To make this discovery, the team developed a new technique for detecting new planetary systems by using precision "astrometry," or the measuring of the positions of stars in the sky, to find periodic variations in their locations as they react to the gravitational pulls of faint unseen planets orbiting them.
Though long considered a promising technique for identifying stars hosting other planetary systems, astrometry for years had failed to produce a previously unknown planetary system. This discovery marks the first time the astrometric method has discovered a new world beyond our own solar system.
Over the past two decades, the National Aeronautics and Space Association (NASA) has invested significantly in technology development related to a space-based astrometry program called the Space Interferometry Mission (SIM) using the same fundamental approach as the PHASES study, to pursue the question of which of the nearest stars might host habitable, Earthlike planets.
Dr. Matthew Muterspaugh, an assistant professor of physics and astronomy, led his colleagues and a collaborative team of 10 astronomers from eight international institutions in presenting evidence for a new planet orbiting the nearby star HR 7162, also known as Inrakluk. The evidence revealed that the planet’s mass indicates that it is similar in size to Jupiter, the largest planet in our solar system.
"The study of planets and their origins is important to humanity for many reasons. Understanding that there are other planets like our own, helps us better understand how our own planet came to be and how we, as human beings, came to be and where we are going. The techniques we’re developing could help us better locate earth-like planets in our local neighborhood in the galaxy," Muterspaugh said about the discovery. Muterspaugh served as lead author of a new series of five papers published in the Astronomical Journal detailing the team’s research.
The team found that a second star also orbits HR 7162, but more distantly than the planet. The second star’s proximity to the system is close enough that its gravitational pull could have affected planet formation, Muterspaugh and his colleagues have determined. This determination challenges the leading model of giant planet formation, called core accretion.
In core accretion, dust and gas particles circling a young star cling together and slowly become larger, forming rocks, boulders and eventually the rocky cores of planets. The process of creating rocks from dust clinging together requires millions of years to form Jupiter-like planets.

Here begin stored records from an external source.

(* Let $\Omega\subset\mathbb{R}^d$ be a bounded open set, $T>0$, $T_0\in(0,T)$, $r_0>0$, and $\mathfrak{B}\in L^\infty(0,T;W^{1,\infty}(\mathbb{R}^d)^d)$. Let $\mathcal{O}\subset\mathbb{R}^d$ be a nonempty open set with bounded boundary, and assume that $(T,T_0,r_0,\mathfrak{B},\Omega)$ satisfies the flushing condition for $\mathcal{O}$. Then there exists an open set $\mathcal{O}_0$ with $\overline{\mathcal{O}_0}$ compact and contained in $\mathcal{O}$ such that $(T,T_0,r_0/2,\mathfrak{B},\Omega)$ satisfies the flushing condition for $\mathcal{O}_0$.
   Context: $\Phi(t,t_0,x_0)$ denotes the solution of $\frac{d}{dt}\Phi(t,t_0,x_0)=\mathfrak{B}(\Phi(t,t_0,x_0),t)$, $\Phi(t_0,t_0,x_0)=x_0$, for $t,t_0\in[0,T]$. For a nonempty open $\mathcal{O}\subset\mathbb{R}^d$ and $r>0$, we say $(T,T_0,r,\mathfrak{B},\Omega)$ satisfies the flushing condition for $\mathcal{O}$ if: for all $x_0\in\overline{\Omega}$ and all $t_0\in[T_0,T]$ there exists $t\in(t_0-T_0,t_0)$ such that $\Phi(t,t_0,x)\in\mathcal{O}$ for all $x\in\overline{B}(x_0,r)$. *)

From HB Require Import structures.
From mathcomp Require Import all_boot all_order all_algebra.
From mathcomp Require Import all_classical all_reals all_analysis.
Set Implicit Arguments. Unset Strict Implicit. Unset Printing Implicit Defensive.
Import Order.TTheory GRing.Theory Num.Theory.
Import numFieldNormedType.Exports.
Local Open Scope classical_set_scope.
Local Open Scope ring_scope.
(* Every complete multipartite graph with at least two nonempty parts admits an antimagic orientation.
   Context: A complete multipartite graph is a simple graph whose vertex set is partitioned into parts such that two vertices are adjacent if and only if they lie in different parts. For a digraph $D$ and an injective map $\tau$ from the arc set $A(D)$ to positive integers, $s_{(D,\tau)}(u)$ is the sum of labels of arcs entering $u$ minus the sum of labels of arcs leaving $u$ ($0$ if $u$ is isolated). If $D$ has $m$ arcs, a bijection $\tau:A(D)\to\{1,\dots,m\}$ is an antimagic labeling if the values $s_{(D,\tau)}(u)$ are pairwise distinct over all vertices. A graph admits an antimagic orientation if some orientation $D$ of it has an antimagic labeling. *)

From mathcomp Require Import all_boot all_order all_algebra.
Set Implicit Arguments. Unset Strict Implicit. Unset Printing Implicit Defensive.
Import Order.TTheory GRing.Theory Num.Theory.

Definition cmp_adj (V P : finType) (part : V -> P) : rel V :=
  fun u v => part u != part v.

Definition is_orientation (V : finType) (adj : rel V) (arc : rel V) : Prop :=
  (forall u v, arc u v -> adj u v) /\
  (forall u v, adj u v -> (arc u v (+) arc v u)).

Definition arcs (V : finType) (arc : rel V) : {set V * V} :=
  [set e | arc e.1 e.2].

Definition vsum (V : finType) (arc : rel V) (tau : V * V -> nat) (u : V) : int :=
  (\sum_(e in arcs arc | e.2 == u) (tau e)%:Z
   - \sum_(e in arcs arc | e.1 == u) (tau e)%:Z)%R.

Definition is_labeling (V : finType) (arc : rel V) (tau : V * V -> nat) : Prop :=
  {in arcs arc &, injective tau} /\
  (forall e, e \in arcs arc -> 1 <= tau e <= #|arcs arc|).

Definition antimagic_labeling (V : finType) (arc : rel V) (tau : V * V -> nat) : Prop :=
  is_labeling arc tau /\ injective (vsum arc tau).

Definition has_antimagic_orientation (V : finType) (adj : rel V) : Prop :=
  exists (arc : rel V) (tau : V * V -> nat),
    is_orientation adj arc /\ antimagic_labeling arc tau.

From mathcomp Require Import all_boot all_order all_algebra.
From mathcomp Require Import zify.
Set Implicit Arguments. Unset Strict Implicit. Unset Printing Implicit Defensive.

(* Enumerate the parts and the vertices, and give each vertex x the key
   key x = (rank of its part) * |V| + (rank of x), so that keys are distinct
   and sorted first by part.  Orient every edge from the part of smaller rank
   to the part of larger rank.  Label the arcs 1, ..., m in increasing order of
   the weight  (C - key tail) * C + key head  (C bounds all keys): the label of
   an arc decreases strictly with its tail key and increases strictly with its
   head key.  Hence, when key x < key y, every in-label of x is dominated by
   the corresponding in-label of y and every out-label of y by the
   corresponding out-label of x; a vertex z outside the part of y makes one
   comparison strict (z -> y if z lies below y, x -> z otherwise).  So the
   vertex sum is strictly increasing in the key, hence injective. *)

Lemma sum_ltn_point (T : finType) (f g : T -> nat) (z : T) :
  (forall x, f x <= g x) -> f z < g z -> \sum_x f x < \sum_x g x.
Proof.
move=> fg fz; rewrite (bigD1 z) //= [X in _ < X](bigD1 z) //=.
by rewrite -addSn leq_add // leq_sum.
Qed.

Section Ranking.
Variables (T : finType) (A : {set T}) (w : T -> nat).

Definition rank_in (e : T) : nat := #|[set e' in A | w e' <= w e]|.

Lemma rank_in_lt e e' : e' \in A -> w e < w e' -> rank_in e < rank_in e'.
Proof.
move=> Ae' lt_ee'; apply/proper_card/properP; split.
  apply/subsetP => f; rewrite !inE => /andP[-> le_fe].
  exact: leq_trans le_fe (ltnW lt_ee').
by exists e'; rewrite !inE Ae' ?leqnn // -ltnNge.
Qed.

Lemma rank_in_gt0 e : e \in A -> 0 < rank_in e.
Proof. by move=> Ae; apply/card_gt0P; exists e; rewrite inE Ae leqnn. Qed.

Lemma rank_in_le_card e : rank_in e <= #|A|.
Proof. by apply/subset_leq_card/subsetP => f; rewrite inE => /andP[]. Qed.

Lemma rank_in_inj : {in A &, injective w} -> {in A &, injective rank_in}.
Proof.
move=> w_inj e e' Ae Ae' eq_rank; apply: w_inj => //.
have [lt|lt|//] := ltngtP (w e) (w e').
  by have := rank_in_lt Ae' lt; rewrite eq_rank ltnn.
by have := rank_in_lt Ae lt; rewrite eq_rank ltnn.
Qed.
End Ranking.

Lemma rank_is_labeling (V : finType) (arc : rel V) (w : V * V -> nat) :
  injective w -> is_labeling arc (rank_in (arcs arc) w).
Proof.
move=> w_inj; split; first by apply: rank_in_inj => e e' _ _ /w_inj.
by move=> e Ae; rewrite rank_in_gt0 ?rank_in_le_card.
Qed.

Section VertexSums.
Variables (V : finType) (arc : rel V) (tau : V * V -> nat).

Definition arc_label (u v : V) : nat := if arc u v then tau (u, v) else 0.

Definition in_weight (y : V) : nat := \sum_u arc_label u y.
Definition out_weight (x : V) : nat := \sum_v arc_label x v.

Lemma sum_arcs_pair (F : V -> V -> bool) :
  \sum_(e in arcs arc | F e.1 e.2) tau e =
  \sum_u \sum_v (if F u v then arc_label u v else 0).
Proof.
rewrite big_mkcond [RHS]pair_big; apply: eq_bigr => -[u v] _.
by rewrite inE /arc_label; case: (arc u v); case: (F u v).
Qed.

Lemma sum_arcs_head y :
  \sum_(e in arcs arc | e.2 == y) tau e = in_weight y.
Proof.
rewrite (sum_arcs_pair (fun _ v => v == y)); apply: eq_bigr => u _.
by rewrite (bigD1 y) //= eqxx big1 ?addn0 // => v /negbTE ->.
Qed.

Lemma sum_arcs_tail x :
  \sum_(e in arcs arc | e.1 == x) tau e = out_weight x.
Proof.
rewrite (sum_arcs_pair (fun u _ => u == x)) (bigD1 x) //= [X in _ + X]big1 ?addn0.
  by apply: eq_bigr => v _; rewrite eqxx.
by move=> u /negbTE ne_ux; apply: big1 => v _; rewrite ne_ux.
Qed.

Lemma vsumE x : vsum arc tau x = ((in_weight x)%:Z - (out_weight x)%:Z)%R.
Proof.
rewrite /vsum -sum_arcs_head -sum_arcs_tail.
by rewrite !(big_morph Posz PoszD (erefl (Posz 0))).
Qed.
End VertexSums.

Definition level_arc (V : finType) (lvl : V -> nat) : rel V :=
  fun u v => lvl u < lvl v.

Lemma level_orientation (V : finType) (adj : rel V) (lvl : V -> nat) :
  (forall u v, adj u v = (lvl u != lvl v)) -> is_orientation adj (level_arc lvl).
Proof.
move=> adjE; split=> u v; rewrite adjE /level_arc.
  by rewrite neq_ltn => ->.
by case: ltngtP.
Qed.

Lemma radix_inj (C a b a' b' : nat) :
  b < C -> b' < C -> a * C + b = a' * C + b' -> a = a' /\ b = b'.
Proof.
move=> ltbC ltb'C eq_ab.
have C_gt0 : 0 < C by exact: leq_ltn_trans ltbC.
have eq_b : b = b'.
  by rewrite -(modn_small ltbC) -(modn_small ltb'C) -(modnMDl a) eq_ab modnMDl.
split=> //; move/eqP: eq_ab; rewrite eq_b eqn_add2r eqn_pmul2r //.
by move/eqP.
Qed.

Section Encoding.
Variables (V P : finType) (part : V -> P).

Definition level (x : V) : nat := enum_rank (part x).
Definition key (x : V) : nat := level x * #|V| + enum_rank x.
Definition key_bound : nat := #|P| * #|V|.
Definition weight (e : V * V) : nat :=
  (key_bound - key e.1) * key_bound + key e.2.

Lemma level_eq a b : (level a == level b) = (part a == part b).
Proof. by rewrite /level val_eqE (inj_eq enum_rank_inj). Qed.

Lemma level_lt x : level x < #|P|.
Proof. exact: ltn_ord. Qed.

Lemma vertex_rank_lt (x : V) : enum_rank x < #|V|.
Proof. exact: ltn_ord. Qed.

Lemma key_lt x : key x < key_bound.
Proof.
by have := level_lt x; have := vertex_rank_lt x; rewrite /key /key_bound; nia.
Qed.

Lemma key_inj : injective key.
Proof.
move=> x y /radix_inj[]; try exact: vertex_rank_lt.
by move=> _ /val_inj/enum_rank_inj.
Qed.

Lemma level_le_of_key x y : key x < key y -> level x <= level y.
Proof.
rewrite /key; have := vertex_rank_lt x; have := vertex_rank_lt y.
case: (leqP (level x) (level y)) => //; nia.
Qed.

Lemma weight_inj : injective weight.
Proof.
move=> [a b] [a' b']; rewrite /weight /=.
case/radix_inj => [||eq_a /key_inj ->]; try exact: key_lt.
by congr pair; apply: key_inj; have := key_lt a; have := key_lt a'; lia.
Qed.

Lemma weight_head u x y : key x < key y -> weight (u, x) < weight (u, y).
Proof. by rewrite /weight /= ltn_add2l. Qed.

Lemma weight_tail v x y : key x < key y -> weight (y, v) < weight (x, v).
Proof.
by move=> lt_xy; have := key_lt v; have := key_lt y; rewrite /weight /=; nia.
Qed.
End Encoding.

Section Construction.
Variables (V P : finType) (part : V -> P).

Let arc : rel V := level_arc (level part).
Let tau : V * V -> nat := rank_in (arcs arc) (weight part).

Lemma arcsE u v : ((u, v) \in arcs arc) = arc u v.
Proof. by rewrite inE. Qed.

Lemma in_label_lt u x y :
  key part x < key part y -> arc u y -> arc_label arc tau u x < arc_label arc tau u y.
Proof.
move=> lt_xy uy; have Auy : (u, y) \in arcs arc by rewrite arcsE.
rewrite /arc_label uy; case: ifP => [ux|_]; last exact: rank_in_gt0.
exact: rank_in_lt Auy (weight_head _ lt_xy).
Qed.

Lemma out_label_lt v x y :
  key part x < key part y -> arc x v -> arc_label arc tau y v < arc_label arc tau x v.
Proof.
move=> lt_xy xv; have Axv : (x, v) \in arcs arc by rewrite arcsE.
rewrite /arc_label xv; case: ifP => [yv|_]; last exact: rank_in_gt0.
exact: rank_in_lt Axv (weight_tail _ lt_xy).
Qed.

Lemma in_label_le u x y :
  key part x < key part y -> arc_label arc tau u x <= arc_label arc tau u y.
Proof.
move=> lt_xy; have [uy|nuy] := boolP (arc u y); first exact/ltnW/in_label_lt.
rewrite /arc_label (negbTE nuy) ifN //; apply: contra nuy => ux.
exact: leq_trans ux (level_le_of_key lt_xy).
Qed.

Lemma out_label_le v x y :
  key part x < key part y -> arc_label arc tau y v <= arc_label arc tau x v.
Proof.
move=> lt_xy; have [xv|nxv] := boolP (arc x v); first exact/ltnW/out_label_lt.
rewrite /arc_label (negbTE nxv) ifN //; apply: contra nxv => yv.
exact: leq_ltn_trans (level_le_of_key lt_xy) yv.
Qed.

(* Vertex sums increase strictly with the key, given a vertex z outside the
   part of y: if z lies below y, the arc z -> y makes the in-labels increase
   strictly; otherwise z lies above x and x -> z makes the out-labels decrease
   strictly. *)
Lemma vsum_key_mono x y z : part z != part y ->
  key part x < key part y -> (vsum arc tau x < vsum arc tau y)%R.
Proof.
move=> zy lt_xy.
have le_in : in_weight arc tau x <= in_weight arc tau y.
  by apply: leq_sum => u _; apply: in_label_le.
have le_out : out_weight arc tau y <= out_weight arc tau x.
  by apply: leq_sum => v _; apply: out_label_le.
have strict : (in_weight arc tau x < in_weight arc tau y)
              || (out_weight arc tau y < out_weight arc tau x).
  have : level part z != level part y by rewrite level_eq.
  rewrite neq_ltn => /orP[lt_zy | lt_yz].
    apply/orP; left.
    exact: sum_ltn_point (fun u => in_label_le u lt_xy) (in_label_lt lt_xy lt_zy).
  have xz : arc x z by exact: leq_ltn_trans (level_le_of_key lt_xy) lt_yz.
  apply/orP; right.
  exact: sum_ltn_point (fun v => out_label_le v lt_xy) (out_label_lt lt_xy xz).
rewrite !vsumE; lia.
Qed.
End Construction.

Lemma other_part (V P : finType) (part : V -> P) :
  (exists u v : V, part u != part v) -> forall y, exists z, part z != part y.
Proof.
move=> [u [v ne_uv]] y; have [eq_uy|] := eqVneq (part u) (part y).
  by exists v; rewrite -eq_uy eq_sym.
by exists u.
Qed.

Lemma inj_of_key_mono (T : Type) (key : T -> nat) (f : T -> int) :
  injective key -> (forall x y, key x < key y -> (f x < f y)%R) -> injective f.
Proof.
move=> key_inj f_mono x y eq_f; apply: key_inj.
have [lt|lt|//] := ltngtP (key x) (key y); have := f_mono _ _ lt;
  by rewrite eq_f Order.POrderTheory.ltxx.
Qed.

Theorem mainTheorem5 (V P : finType) (part : V -> P) :
  (exists u v : V, part u != part v) ->
  has_antimagic_orientation (cmp_adj part).
Proof.
move=> two_parts; set arc := level_arc (level part).
exists arc, (rank_in (arcs arc) (weight part)); split.
  by apply: level_orientation => u v; rewrite /cmp_adj level_eq.
split; first exact/rank_is_labeling/weight_inj.
apply: (@inj_of_key_mono _ (key part)) => [|x y]; first exact: key_inj.
by have [z] := other_part two_parts y; apply: vsum_key_mono.
Qed.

According to models of the system’s evolution, the second star's gravity in the HR 7162 system should have disrupted the planet-forming gas and dust from the system in just thousands of years and should have removed it from the system. That a planet exists in spite of the gravity predictions challenges core accretion as the singular model for gas giant planet formation.
The team’s gravitational collapse theory offers an alternative method of forming giant planets. In this theory, overly dense regions of the gas and dust cloud circling the star develop enough gravitational attraction within themselves to rapidly pull together into giant planets.
Simulations show these regions can collapse rapidly, well within the few thousand years that the planet forming materials would have survived in HR 7162 before being ejected from the system by the second star.
Some studies suggest that binary star systems produce more overdense regions in their gas and dust clouds, because of the turbulent gravitational environment the two stars create, enhancing the odds of giant planet formation by this mechanism.